À la demande de votre mission, nous avons chiffré le relèvement du plafonnement de la CET à 3,5 % de la valeur ajoutée : une charge fiscale supplémentaire de 254 millions d'euros pèserait sur 46 000 entreprises, surtout les grandes entreprises dont le chiffre d'affaires excède 7,6 millions d'euros. Les secteurs de l'énergie et des transports seraient plus particulièrement touchés, 76 millions pour le premier et 50 millions pour le second. Quant au relèvement du taux de CVAE de 1,5 % à 1,6 %, il représenterait une recette de 1 milliard d'euros pour les collectivités territoriales, dont un peu plus de 56 % serait à la charge des entreprises et le reste à celui de l'État. L'effet serait sensible pour les entreprises dont le chiffre d'affaires est supérieur à 3 millions, et encore plus au-delà de 7,6 millions de chiffres d'affaires. Dans le dernier cas, plus de 66 % des entreprises seraient perdantes, surtout dans les secteurs du service aux entreprises et du commerce. La période que nous traversons, si telle était l'intention du législateur, se prête mal à de telles mesures.
En réformant la taxe professionnelle, nous avons créé un nouveau schéma de financement des collectivités territoriales. Celles qui accueillent des sites industriels bénéficient d'une prime, grâce à des coefficients majorés dans les formules de répartition des recettes de la CVAE. Cette prime suffit-elle ? Au vu des résultats agrégés de la répartition des recettes de CVAE, que Mme Pécresse s'est engagée à fournir d'ici juin 2012, le Gouvernement pourra consolider l'ensemble des données. Les élus disposeront alors des informations pour revoir éventuellement les principes de territorialisation de la CVAE.

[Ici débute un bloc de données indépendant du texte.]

(* Let $A$ be a finite skew brace such that $\Theta(A)$ has exactly one vertex. Then $(A,+)$ is abelian.
   Context: A skew brace is a triple $(A,+,\circ)$ where $(A,+)$ and $(A,\circ)$ are groups with $a\circ(b+c)=a\circ b-a+a\circ c$. $\lambda_a(b)=-a+a\circ b$; $\theta_{(a,b)}(c)=a+\lambda_b(c)-a$ defines an action of $(A,+)\rtimes_\lambda(A,\circ)$ on $(A,+)$ by automorphisms. $\Theta(A)$ is the graph whose vertices are the $\theta$-orbits of size $>1$, two distinct vertices $L_1,L_2$ adjacent iff $\gcd(|L_1|,|L_2|)\ne1$. *)

From mathcomp Require Import all_boot.
Set Implicit Arguments. Unset Strict Implicit. Unset Printing Implicit Defensive.

Record is_group (T : Type) (mul : T -> T -> T) (inv : T -> T) (e : T) : Prop := {
  grp_assoc : forall x y z, mul x (mul y z) = mul (mul x y) z;
  grp_id_l  : forall x, mul e x = x;
  grp_id_r  : forall x, mul x e = x;
  grp_inv_l : forall x, mul (inv x) x = e;
  grp_inv_r : forall x, mul x (inv x) = e }.

Record skew_brace (T : finType) := SkewBrace {
  sb_add : T -> T -> T;
  sb_opp : T -> T;
  sb_zero : T;
  sb_circ : T -> T -> T;
  sb_cinv : T -> T;
  sb_one : T;
  sb_add_group : is_group sb_add sb_opp sb_zero;
  sb_circ_group : is_group sb_circ sb_cinv sb_one;
  sb_compat : forall a b c,
    sb_circ a (sb_add b c) =
    sb_add (sb_add (sb_circ a b) (sb_opp a)) (sb_circ a c) }.

Section SkewBraceDefs.
Variables (T : finType) (A : skew_brace T).
Local Notation "x + y" := (sb_add A x y).
Local Notation "- x" := (sb_opp A x).
Local Notation "x 'o' y" := (sb_circ A x y) (at level 40).

Definition sb_lambda (a b : T) : T := - a + (a o b).

Definition sb_theta (a b c : T) : T := (a + sb_lambda b c) + - a.

(* the theta-orbit of c under (A,+) x|_lambda (A,o) *)
Definition theta_orbit (c : T) : {set T} :=
  [set sb_theta a b c | a in T, b in T].

Definition Theta_vertices : {set {set T}} :=
  [set L in [set theta_orbit c | c in T] | 1 < #|L|].

Definition Theta_adj (L1 L2 : {set T}) : bool :=
  [&& L1 \in Theta_vertices, L2 \in Theta_vertices, L1 != L2 &
      gcdn #|L1| #|L2| != 1].

Definition add_abelian : Prop := forall x y : T, x + y = y + x.
End SkewBraceDefs.

(* Every element outside the unique non-trivial theta-orbit L has a trivial
   orbit, so it is fixed by conjugation and is central. If (A,+) were not
   abelian, then L would be exactly the set of non-central elements, since theta
   preserves centrality in both directions; theta also preserves additive orders,
   so all non-central elements have one order n. With p the least prime factor
   of n, (A,+) is then a p-group, and |L| divides |A|^2 because the fibres of
   (a,b) |-> theta_(a,b)(c) all have the same size. Hence |A \ Z| and |Z| are
   powers of p adding up to a power of p, so they are equal, |A : Z| = 2, A/Z is
   cyclic and (A,+) is abelian after all. *)

From HB Require Import structures.
From mathcomp Require Import all_boot all_fingroup all_solvable.
Set Implicit Arguments. Unset Strict Implicit. Unset Printing Implicit Defensive.

Lemma pfactor_add_pfactor p i j k : prime p -> p ^ i + p ^ j = p ^ k -> i = j.
Proof.
move=> pp; wlog: i j / i < j => [hwlog|lt_ij e].
  case: (ltngtP i j) => [lt_ij|lt_ji|//] e; first exact: hwlog.
  by rewrite (hwlog j i) // addnC.
have lt_ik : i < k.
  by rewrite -(ltn_exp2l _ _ (prime_gt1 pp)) -e -addn1 leq_add2l expn_gt0 prime_gt0.
have : p ^ i.+1 %| p ^ i + p ^ j by rewrite e dvdn_Pexp2l ?prime_gt1.
by rewrite dvdn_addl ?dvdn_Pexp2l ?prime_gt1 // ltnn.
Qed.

Lemma pnat_add_pnat_eq p m n : prime p ->
  p.-nat m -> p.-nat n -> p.-nat (m + n) -> m = n.
Proof.
move=> pp /p_natP[i ->] /p_natP[j ->] /p_natP[k e].
by rewrite (pfactor_add_pfactor pp e).
Qed.

Section NoncentralElements.
Local Open Scope group_scope.
Variable gT : finGroupType.
Implicit Types x z : gT.
Local Notation Z := 'Z([set: gT]).

Lemma centerT_P x : reflect (forall w, x * w = w * x) (x \in Z).
Proof.
apply: (iffP (centerP [set: gT] x)) => [[_ cx] w | cx]; first exact: cx w (in_setT w).
by split=> [|w _]; [exact: in_setT | exact: cx].
Qed.

Lemma pgroup_noncentral_not_pnat p : prime p -> p.-group [set: gT] ->
  ~~ p.-nat #|~: Z|.
Proof.
move=> pp pG; apply/negP => pL.
have cardE : (#|~: Z| + #|Z|)%N = #|[set: gT]| by rewrite addnC cardsC cardsT.
have pZ : p.-nat #|Z| := pnat_dvd (cardSg (center_sub _)) pG.
have eLZ : #|~: Z| = #|Z|.
  by apply: (pnat_add_pnat_eq pp pL pZ); rewrite cardE.
have index2 : #|[set: gT] : Z| = 2.
  apply/eqP; rewrite -(eqn_pmul2l (cardG_gt0 Z)) (Lagrange (center_sub _)).
  by rewrite -cardE eLZ muln2 addnn.
have /center_idP ZT : abelian [set: gT].
  apply: cyclic_center_factor_abelian; apply: prime_cyclic.
  by rewrite card_quotient ?index2 // normal_norm // center_normal.
by move: pL; rewrite ZT setCT cards0.
Qed.

Variable c : gT.
Hypothesis c_noncentral : c \notin Z.
Hypothesis noncentral_order : {in ~: Z, forall x, #[x] = #[c]}.
Let p := pdiv #[c].

Let order_c_gt1 : 1 < #[c].
Proof. by rewrite order_gt1; apply: contraNneq c_noncentral => ->; exact: group1. Qed.

Let p_prime : prime p. Proof. exact: pdiv_prime. Qed.

(* If c_p is central then c_p' is not, so #[c] = #[c_p'] would be a p'-number. *)
Lemma noncentral_order_pnat : p.-nat #[c].
Proof.
have [cpZ|cpZ] := boolP (c.`_p \in Z); last first.
  by rewrite -(noncentral_order (x := c.`_p)) ?in_setC //; exact: p_elt_constt.
have cqZ : c.`_p^' \notin Z.
  by apply: contra c_noncentral => cqZ; rewrite -(consttC p c) groupM.
have p'n : p^'.-nat #[c].
  by rewrite -(noncentral_order (x := c.`_p^')) ?in_setC //; exact: p_elt_constt.
have := pnatPpi (p := p) p'n; rewrite pi_pdiv order_c_gt1 => /(_ isT).
by rewrite !inE eqxx.
Qed.

Lemma prime_dvd_card_noncentral_order q : prime q -> q %| #|[set: gT]| -> q %| #[c].
Proof.
move=> q_pr /(Cauchy q_pr)[z _ <-].
have [zZ|zZ] := boolP (z \in Z); last by rewrite noncentral_order ?in_setC.
have czZ : c * z \notin Z.
  by apply: contra c_noncentral => czZ; rewrite -(mulgK z c) groupM ?groupV.
have cz_comm : commute c z by apply/esym/(centerT_P z zZ).
have oz : #[c * z] = #[c] by rewrite noncentral_order ?in_setC.
have := expg_order (c * z); rewrite oz expgMn // expg_order mul1g => zn1.
by rewrite order_dvdn zn1.
Qed.

Lemma noncentral_order_pgroup : p.-group [set: gT].
Proof.
apply/pgroupP => q q_pr /(prime_dvd_card_noncentral_order q_pr) q_dvd.
by apply: (pnatPpi noncentral_order_pnat); rewrite mem_primes q_pr order_gt0.
Qed.

Lemma noncentral_order_card_not_dvd : ~~ (#|~: Z| %| #|[set: gT]| ^ 2)%N.
Proof.
apply/negP => dvd.
have /negP[] := pgroup_noncentral_not_pnat p_prime noncentral_order_pgroup.
by apply: pnat_dvd dvd _; rewrite pnatX (noncentral_order_pgroup : p.-nat _).
Qed.

End NoncentralElements.

Section SkewBraceAdditiveGroup.
Variables (T : finType) (A : skew_brace T).

(* The additive group of A; the phantom argument lets the canonical group
   structure be inferred from the type. *)
Definition sb_addT of skew_brace T : Type := T.
HB.instance Definition _ := Finite.on (sb_addT A).
HB.instance Definition _ := Finite_isGroup.Build (sb_addT A)
  (grp_assoc (sb_add_group A)) (grp_id_l (sb_add_group A)) (grp_inv_l (sb_add_group A)).

Local Open Scope group_scope.
Local Notation addT := (sb_addT A).
Implicit Types a b c x y : addT.
Local Notation Z := 'Z([set: addT]).

Definition circ x y : addT := sb_circ A x y.
Definition cinv x : addT := sb_cinv A x.

Lemma circA x y z : circ x (circ y z) = circ (circ x y) z.
Proof. exact: (grp_assoc (sb_circ_group A)). Qed.

Lemma circ1x x : circ (sb_one A) x = x.
Proof. exact: (grp_id_l (sb_circ_group A)). Qed.

Lemma circI b : injective (circ b).
Proof.
move=> x y e; rewrite -(circ1x x) -(circ1x y) -(grp_inv_l (sb_circ_group A) b).
by rewrite -!circA [circ b x]e.
Qed.

Lemma circ_addr a b c : circ a (b * c) = circ a b * a^-1 * circ a c.
Proof. exact: (sb_compat A). Qed.

Lemma circx1 a : circ a 1 = a.
Proof.
have := circ_addr a 1 1; rewrite mulg1 => /(congr1 (fun u => (circ a 1)^-1 * u)).
rewrite mulVg -mulgA mulKg => e.
by rewrite -(mulKVg a (circ a 1)) -e mulg1.
Qed.

Lemma sb_one_addT : sb_one A = 1 :> addT.
Proof. by rewrite -[RHS]circ1x circx1. Qed.

Definition lambda b x : addT := b^-1 * circ b x.

Lemma lambdaM b x y : lambda b (x * y) = lambda b x * lambda b y.
Proof. by rewrite /lambda circ_addr -!mulgA. Qed.

Lemma lambda1 b : lambda b 1 = 1.
Proof. by rewrite /lambda circx1 mulVg. Qed.

Lemma lambdaV b x : lambda b x^-1 = (lambda b x)^-1.
Proof. by apply/eqP; rewrite eq_mulgV1 invgK -lambdaM mulVg lambda1. Qed.

Lemma lambda_one x : lambda 1 x = x.
Proof. by rewrite /lambda invg1 mul1g -sb_one_addT circ1x. Qed.

Lemma lambda_comp b b' x : lambda b (lambda b' x) = lambda (circ b b') x.
Proof.
rewrite [lambda b' x]/lambda lambdaM lambdaV /lambda invMg invgK circA.
by rewrite !mulgA mulgK.
Qed.

Lemma lambda_inj b : injective (lambda b).
Proof. by move=> x y /mulgI /circI. Qed.

Lemma lambdaK b x : lambda b (lambda (cinv b) x) = x.
Proof.
rewrite lambda_comp /circ (grp_inv_r (sb_circ_group A)) -/(circ _ _).
by rewrite sb_one_addT lambda_one.
Qed.

Lemma lambdaX b x n : lambda b (x ^+ n) = lambda b x ^+ n.
Proof. by elim: n => [|n IHn]; rewrite ?lambda1 // !expgS lambdaM IHn. Qed.

Lemma order_lambda b x : #[lambda b x] = #[x].
Proof.
apply/eqP; rewrite eqn_dvd !order_dvdn -lambdaX -{1}(lambda1 b).
rewrite (inj_eq (@lambda_inj b)) expg_order eqxx /=.
by rewrite -(inj_eq (@lambda_inj b)) lambda1 lambdaX expg_order.
Qed.

Lemma sb_thetaE a b c : sb_theta A a b c = a * lambda b c * a^-1 :> addT.
Proof. by []. Qed.

Lemma sb_theta_comp a b a' b' c :
  sb_theta A a b (sb_theta A a' b' c) = sb_theta A (a * lambda b a') (circ b b') c.
Proof.
rewrite !sb_thetaE (lambdaM b (a' * _)) lambdaM lambdaV lambda_comp.
by rewrite [in RHS]invMg !mulgA.
Qed.

Lemma sb_theta1 c : sb_theta A (1 : addT) (1 : addT) c = c.
Proof. by rewrite sb_thetaE lambda_one invg1 mulg1 mul1g. Qed.

Lemma sb_thetaK a b c :
  sb_theta A (lambda (cinv b) a^-1) (cinv b) (sb_theta A a b c) = c.
Proof.
rewrite sb_theta_comp -lambdaM mulVg lambda1 /circ.
by rewrite (grp_inv_l (sb_circ_group A)) sb_one_addT sb_theta1.
Qed.

Lemma sb_theta_conjg a b c : sb_theta A a b c = lambda b c ^ a^-1.
Proof. by rewrite conjgE invgK mulgA. Qed.

Lemma order_sb_theta a b c : #[sb_theta A a b c : addT] = #[c].
Proof. by rewrite sb_theta_conjg orderJ order_lambda. Qed.

Lemma lambda_center b c : (lambda b c \in Z) = (c \in Z).
Proof.
apply/centerT_P/centerT_P => cZ w.
  by apply: (@lambda_inj b); rewrite !lambdaM cZ.
by rewrite -(lambdaK b w) -!lambdaM cZ.
Qed.

Lemma sb_theta_center a b c : (sb_theta A a b c \in Z) = (c \in Z).
Proof.
have nZ : a^-1 \in 'N(Z) by rewrite (subsetP (normal_norm (center_normal _))) ?inE.
by rewrite sb_theta_conjg (memJ_norm _ nZ) lambda_center.
Qed.

Lemma card_sb_addT (P : {set T}) (Q : {set addT}) : P =i Q -> #|P| = #|Q|.
Proof.
move=> PQ; pose f (x : T) : addT := x.
rewrite -(card_imset P (f := f)) //; apply: eq_card => x.
by apply/imsetP/idP => [[y Py ->]|Qx]; [rewrite -PQ | exists x; rewrite ?PQ].
Qed.

Lemma sb_theta_in_orbit a b c : sb_theta A a b c \in theta_orbit A c.
Proof. exact: imset2_f. Qed.

Lemma mem_theta_orbit c : c \in theta_orbit A c.
Proof. by rewrite -{1}(sb_theta1 c) sb_theta_in_orbit. Qed.

Definition theta_fiber c y := [set h : addT * addT | sb_theta A h.1 h.2 c == y].

Lemma card_theta_fiber_le a b c x :
  #|theta_fiber c x| <= #|theta_fiber c (sb_theta A a b x)|.
Proof.
pose f (h : addT * addT) := (a * lambda b h.1, circ b h.2).
have f_inj : injective f by move=> [x1 y1] [x2 y2] [/mulgI/lambda_inj -> /circI ->].
rewrite -(card_imset _ f_inj); apply: subset_leq_card.
apply/subsetP => _ /imsetP[[h1 h2] hx ->]; rewrite !inE /= in hx *.
by rewrite -sb_theta_comp (eqP hx).
Qed.

Lemma card_theta_fiber a b c :
  #|theta_fiber c (sb_theta A a b c)| = #|theta_fiber c c|.
Proof.
apply/anti_leq/andP; split; last exact: card_theta_fiber_le.
by have := card_theta_fiber_le (lambda (cinv b) a^-1) (cinv b) c (sb_theta A a b c);
  rewrite sb_thetaK.
Qed.

Lemma card_theta_orbit_dvd c : #|theta_orbit A c| %| (#|[set: addT]| ^ 2)%N.
Proof.
rewrite cardsT -mulnn -card_prod -[X in _ %| X]sum1_card.
rewrite (partition_big (fun h : addT * addT => sb_theta A h.1 h.2 c)
  (mem (theta_orbit A c))) /=; last by move=> [a b] _; exact: sb_theta_in_orbit.
rewrite (eq_bigr (fun _ => #|theta_fiber c c|)) ?sum_nat_const ?dvdn_mulr //.
move=> _ /imset2P[a b _ _ ->]; rewrite -(card_theta_fiber a b c) sum1dep_card.
by apply: eq_card => h; rewrite !inE.
Qed.

Lemma small_theta_orbit_center c : #|theta_orbit A c| <= 1 -> c \in Z.
Proof.
move=> small; apply/centerT_P => w.
set d := sb_theta A w^-1 (1 : addT) c.
have sub : [set (c : T); d] \subset theta_orbit A c.
  by apply/subsetP => z; rewrite !inE => /orP[] /eqP ->;
    rewrite ?mem_theta_orbit ?sb_theta_in_orbit.
have /eqP dc : d == c.
  apply: contraLR small => ne; rewrite -ltnNge.
  by rewrite (leq_trans _ (subset_leq_card sub)) // cards2 eq_sym ne.
by move: dc; rewrite /d sb_thetaE lambda_one invgK -mulgA => /(canRL (mulKVg w)).
Qed.

Lemma unique_Theta_vertex_abelian :
  #|Theta_vertices A| = 1%N -> abelian [set: addT].
Proof.
move=> /eqP/cards1P[L HL].
have : L \in Theta_vertices A by rewrite HL set11.
rewrite inE => /andP[/imsetP[c _ Lc] _].
have outside_center x : x \notin theta_orbit A c -> x \in Z.
  move=> xL; apply: small_theta_orbit_center; rewrite leqNgt; apply: contra xL => gt1.
  have : theta_orbit A x \in Theta_vertices A.
    by rewrite inE gt1 andbT; apply/imsetP; exists x.
  by rewrite HL Lc inE => /eqP <-; exact: mem_theta_orbit.
have [cZ|cZ] := boolP (c \in Z).
  apply/center_idP/setP => x; rewrite in_setT.
  have [/imset2P[a b _ _ ->]|/outside_center //] := boolP (x \in theta_orbit A c).
  by rewrite sb_theta_center.
have orbitE x : (x \in theta_orbit A c) = (x \in ~: Z).
  rewrite in_setC; apply/idP/idP => [/imset2P[a b _ _ ->]|].
    by rewrite sb_theta_center.
  by apply: contraR; exact: outside_center.
have order_noncentral : {in ~: Z, forall x, #[x] = #[c : addT]}.
  by move=> x; rewrite -orbitE => /imset2P[a b _ _ ->]; exact: order_sb_theta.
have := noncentral_order_card_not_dvd cZ order_noncentral.
by rewrite -(card_sb_addT orbitE) card_theta_orbit_dvd.
Qed.

End SkewBraceAdditiveGroup.

Theorem mainTheorem19 (T : finType) (A : skew_brace T) :
  #|Theta_vertices A| = 1 ->
  forall x y : T, sb_add A x y = sb_add A y x.
Proof.
move=> /unique_Theta_vertex_abelian /centsP cAA x y.
exact: (cAA x (in_setT (x : sb_addT A)) y (in_setT (y : sb_addT A))).
Qed.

Depuis la réforme et l'adoption d'un taux unique de CVAE, le critère fiscal n'est plus déterminant dans le choix d'implantation géographique d'une entreprise. L'idée était, d'une part, de rendre la cotisation plus prévisible, plus homogène pour les entreprises ; d'autre part, de limiter la concurrence fiscale entre collectivités. Revenir sur ce point en permettant notamment aux élus locaux de moduler les taux serait remettre en cause l'équilibre trouvé, sans parler du coût pour l'Etat contraint de prendre en charge une partie des hausses en raison des mécanismes de dégrèvement.
Pour finir, quel serait l'impact de la révision des valeurs locatives des locaux professionnels sur le nouveau dispositif ? L'expérimentation en 2011, qui a fait l'objet d'un excellent rapport, met en évidence des variations importantes, à la hausse comme à la baisse, des valeurs locatives ainsi que des transferts de charges fiscales des locaux industriels vers les locaux professionnels. D'où la nécessité de prévoir un mécanisme de lissage. S'il est un peu tôt pour en juger, la révision aura des effets sur les entreprises qui disposent d'établissements situés dans des communes différentes. Nous vous communiquerons les estimations dès qu'elles seront établies.